In a recent post, I referred to a post on changes in response to the question "What do you think the chances are these days that a white person won't get a job or promotion while an equally or less qualified black person gets one instead? Is this very likely, somewhat likely, or not very likely to happen these days?" It occurred to me that the post was from 2013 and the question is from the General Social Survey, which is conducted in even-numbered years.   So now data from 2014 and 2016 are also available, and a lot has happened in those years.

There are three possible responses:  very likely, somewhat likely, and not very likely.  The figure shows a summary measure of opinions (among whites--I also tried limiting it to non-Hispanic whites but it was about the same) since the question was first asked in 1990, plus upper and lower bounds of the 95% confidence interval--higher numbers mean less likely.

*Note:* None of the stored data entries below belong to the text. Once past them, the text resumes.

(* Let $\mathcal{M}$ be a separable metric space, $f:\mathcal{M}\to\mathcal{M}$ continuous, and $\mathcal{X}\subseteq\mathcal{M}$ forward invariant under $f$ and path connected. Consider $x_{k+1}=f(x_k)$ on $\mathcal{X}$, with $\mathcal{W}$ its set of $\omega$-limit sets. Suppose: (T1') there exist a separable metric space $\mathcal{Z}$, a continuous map $g:\mathcal{Z}\to\mathcal{Z}$ such that $z_{k+1}=g(z_k)$ on $\mathcal{Z}$ has closed basins, and a continuous map $F:\mathcal{X}\to\mathcal{Z}$ with $F\circ f=g\circ F$ on $\mathcal{X}$; (T2') every trajectory of $x_{k+1}=f(x_k)$ on $\mathcal{X}$ is forward precompact in $\mathcal{X}$; (T3') $\mathcal{W}$ is countable. Then the set $\{F(\Omega)\mid\Omega\in\mathcal{W}\}$ has exactly one element.
   Context: The forward orbit of $\xi$ is $\{f^k(\xi)\mid k\in\mathbb{N}\}$; the trajectory through $\xi$ is forward precompact in $\mathcal{X}$ if the closure in $\mathcal{X}$ of its forward orbit is compact. $\omega_{\mathcal{X}}(\xi)$ is the set of $x\in\mathcal{X}$ such that $f^{k_j}(\xi)\to x$ for some indices $k_j\to\infty$; $\mathcal{W}=\{\omega_{\mathcal{X}}(\xi)\mid\xi\in\mathcal{X}\}$. For the system $z_{k+1}=g(z_k)$ on $\mathcal{Z}$, $\omega_{\mathcal{Z}}$ and its set of $\omega$-limit sets are defined analogously, and the domain of attraction of an $\omega$-limit set $\Omega$ is $D^+_{\mathcal{Z}}(\Omega)=\{\zeta\in\mathcal{Z}\mid\omega_{\mathcal{Z}}(\zeta)=\Omega\}$; the system has closed basins if $D^+_{\mathcal{Z}}(\Omega)$ is closed for every $\omega$-limit set $\Omega$ of that system. *)

From HB Require Import structures.
From mathcomp Require Import all_boot all_order all_algebra.
From mathcomp Require Import all_classical all_reals all_analysis.
Set Implicit Arguments. Unset Strict Implicit. Unset Printing Implicit Defensive.
Import Order.TTheory GRing.Theory Num.Theory.
Local Open Scope classical_set_scope.
Local Open Scope ring_scope.

Definition separable (T : topologicalType) : Prop :=
  exists S : set T, countable S /\ dense S.

Definition path_connected_set (R : realType) (T : topologicalType) (A : set T) : Prop :=
  A !=set0 /\
  forall x y, A x -> A y ->
    exists gam : R -> T,
      {within `[0, 1], continuous gam} /\ gam 0 = x /\ gam 1 = y /\
      gam @` `[0, 1] `<=` A.

Definition forward_orbit (T : Type) (f : T -> T) (xi : T) : set T :=
  [set iter k f xi | k in [set: nat]].

Definition forward_precompact_in (T : topologicalType) (A : set T)
    (f : T -> T) (xi : T) : Prop :=
  compact (A `&` closure (forward_orbit f xi)).

Definition omega_limit (T : topologicalType) (A : set T) (f : T -> T) (xi : T) : set T :=
  [set x | A x /\ exists k : nat -> nat,
      (forall N : nat, \forall j \near \oo, (N <= k j)%N) /\
      (fun j => iter (k j) f xi) @ \oo --> x].

Definition omega_limit_sets (T : topologicalType) (A : set T) (f : T -> T) : set (set T) :=
  [set omega_limit A f xi | xi in A].

Definition domain_of_attraction (T : topologicalType) (g : T -> T) (Om : set T) : set T :=
  [set z | omega_limit setT g z = Om].

Definition closed_basins (T : topologicalType) (g : T -> T) : Prop :=
  forall Om, omega_limit_sets setT g Om -> closed (domain_of_attraction g Om).

(* Along a path gam in X, the map t |-> omega(F (gam t)) into the omega-limit sets of g
   has closed fibers (the basins of g are closed and F o gam is continuous) and only
   countably many values (since F(omega_X(xi)) = omega_Z(F xi) by precompactness, and
   W is countable).  A map on [0, 1] with countably many closed fibers is constant
   (Sierpinski): otherwise nested intervals whose endpoints keep distinct values can
   be chosen so that the n-th one avoids the n-th value, and a point common to all of
   them takes no value at all.  So all points of X have the same F-image of their
   omega-limit set. *)

From HB Require Import structures.
From mathcomp Require Import all_boot all_order all_algebra.
From mathcomp Require Import all_classical all_reals all_analysis.
From mathcomp Require Import lra.
Import Order.TTheory GRing.Theory Num.Theory numFieldNormedType.Exports.
Local Open Scope classical_set_scope.
Local Open Scope ring_scope.

Lemma cvg_nat_inftyP (k : nat -> nat) :
  k @ \oo --> \oo <-> forall N, \forall j \near \oo, (N <= k j)%N.
Proof.
split=> [kinf N|kinf P [N _ NP]]; first exact: kinf (nbhs_infty_ge N).
by apply: filterS (kinf N) => j /NP.
Qed.

Lemma cvg_ge_id (m : nat -> nat) : (forall j, j <= m j)%N -> m @ \oo --> \oo.
Proof.
move=> m_ge; apply/cvg_nat_inftyP => N.
by apply: filterS (nbhs_infty_ge N) => j /leq_trans; apply.
Qed.

Lemma cvg_within_in {T : Type} {U : topologicalType} {F : set_system T}
    {FF : Filter F} {w : T -> U} {A : set U} {x : U} :
  (\forall t \near F, A (w t)) -> w @ F --> x -> w @ F --> within A (nbhs x).
Proof. by move=> Aw wx P /wx; apply: filterS2 Aw => t Awt /(_ Awt). Qed.

Lemma within_continuous_cvg {T : Type} {U V : topologicalType} {F : set_system T}
    {FF : Filter F} {h : U -> V} {A : set U} {w : T -> U} {x : U} :
  {within A, continuous h} -> A x -> (\forall t \near F, A (w t)) ->
  w @ F --> x -> h \o w @ F --> h x.
Proof.
move=> /subspace_continuousP hc Ax Aw wx.
exact: cvg_comp (cvg_within_in Aw wx) (hc x Ax).
Qed.

Lemma within_continuous_comp_within {U V W : topologicalType} (A : set U) (B : set V)
    (h : U -> V) (k : V -> W) :
  {within A, continuous h} -> {within B, continuous k} -> h @` A `<=` B ->
  {within A, continuous (k \o h)}.
Proof.
move=> hc kc hAB; apply/subspace_continuousP => x Ax.
apply: (within_continuous_cvg kc (hAB _ (imageP _ Ax))).
  by apply: filterS (withinT A _) => t At; apply: hAB; exists t.
by move/subspace_continuousP : hc; apply.
Qed.

Lemma cluster_subseq {R : realType} {M : pseudoMetricType R} (w : nat -> M) (x : M) :
  cluster (w @ \oo) x -> exists2 m : nat -> nat, m @ \oo --> \oo & w \o m @ \oo --> x.
Proof.
move=> wx.
have /choice[m mP] : forall j, exists m, (j <= m)%N /\ ball x j.+1%:R^-1 (w m).
  move=> j; have [] := wx [set w n | n in [set n | j <= n]%N] (ball x j.+1%:R^-1).
  - by apply: filterS (nbhs_infty_ge j) => n jn; exists n.
  - by apply: nbhsx_ballx; rewrite invr_gt0 ltr0n.
  by move=> _ [[n jn <-] wn]; exists n.
exists m; first by apply: cvg_ge_id => j; case: (mP j).
apply/cvg_ballP => eps eps0; near=> j.
apply: le_ball (mP j).2; apply/ltW; near: j.
exact: near_infty_natSinv_lt (PosNum eps0).
Unshelve. all: end_near. Qed.

Lemma nested_intervals {R : realType} (u v : R ^nat) :
  (forall n, u n <= u n.+1) -> (forall n, v n.+1 <= v n) ->
  (forall n, u n <= v n) -> exists c, forall n, u n <= c <= v n.
Proof.
move=> /nondecreasing_seqP u_incr /nonincreasing_seqP v_decr uv.
have u_le_v i j : u i <= v j.
  rewrite (le_trans (u_incr _ _ (leq_maxl i j)))//.
  by rewrite (le_trans (uv _))// v_decr// leq_maxr.
have u_sup : has_sup (range u).
  by split; [exists (u 0%N), 0%N | exists (v 0%N) => _ [i _ <-]].
exists (sup (range u)) => n; apply/andP; split.
  by apply: sup_upper_bound => //; exists n.
by apply: ge_sup => [|_ [i _ <-]]; [exists (u 0%N), 0%N|].
Qed.

Section closed_fibers.
Context {R : realType} {Y : Type}.

Definition closed_fibers_on (q : R -> Y) (a b : R) : Prop :=
  forall y c, a <= c <= b ->
  (forall eps, 0 < eps -> exists t, [/\ a <= t <= b, `|t - c| < eps & q t = y]) ->
  q c = y.

Lemma closed_fibers_on_sub {q a b a' b'} : a <= a' -> b' <= b ->
  closed_fibers_on q a b -> closed_fibers_on q a' b'.
Proof.
move=> aa' b'b qcl y c /andP[a'c cb'] yc; apply: qcl; first by apply/andP; split; lra.
move=> eps eps0; have [t [/andP[a't tb'] tc qt]] := yc eps eps0.
by exists t; split => //; apply/andP; split; lra.
Qed.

Opinions have moved steadily in the direction of seeing less chance that whites lose out to blacks--the correlation between year and the summary measure is over 0.9.  In 1990, about 28% said "very likely" and 30% "not very likely"; in 2016 13% said "very likely" and 39% "not very likely."

The movement has not been completely uniform--there was clearly a shift towards seeing it as more likely in 1994, and probably in 2002 and 2006 as well.  But the movement from 2008-16 was right on the trend, despite the election of a black president, the Black Lives Matter movement, and the Trump campaign.


  1. I assume the percentage of respondents who are white has been falling during this period. What is the tread among white respondents?

  2. I'm glad you noticed this--I forgot to mention that the figure is for whites only, and have revised the post.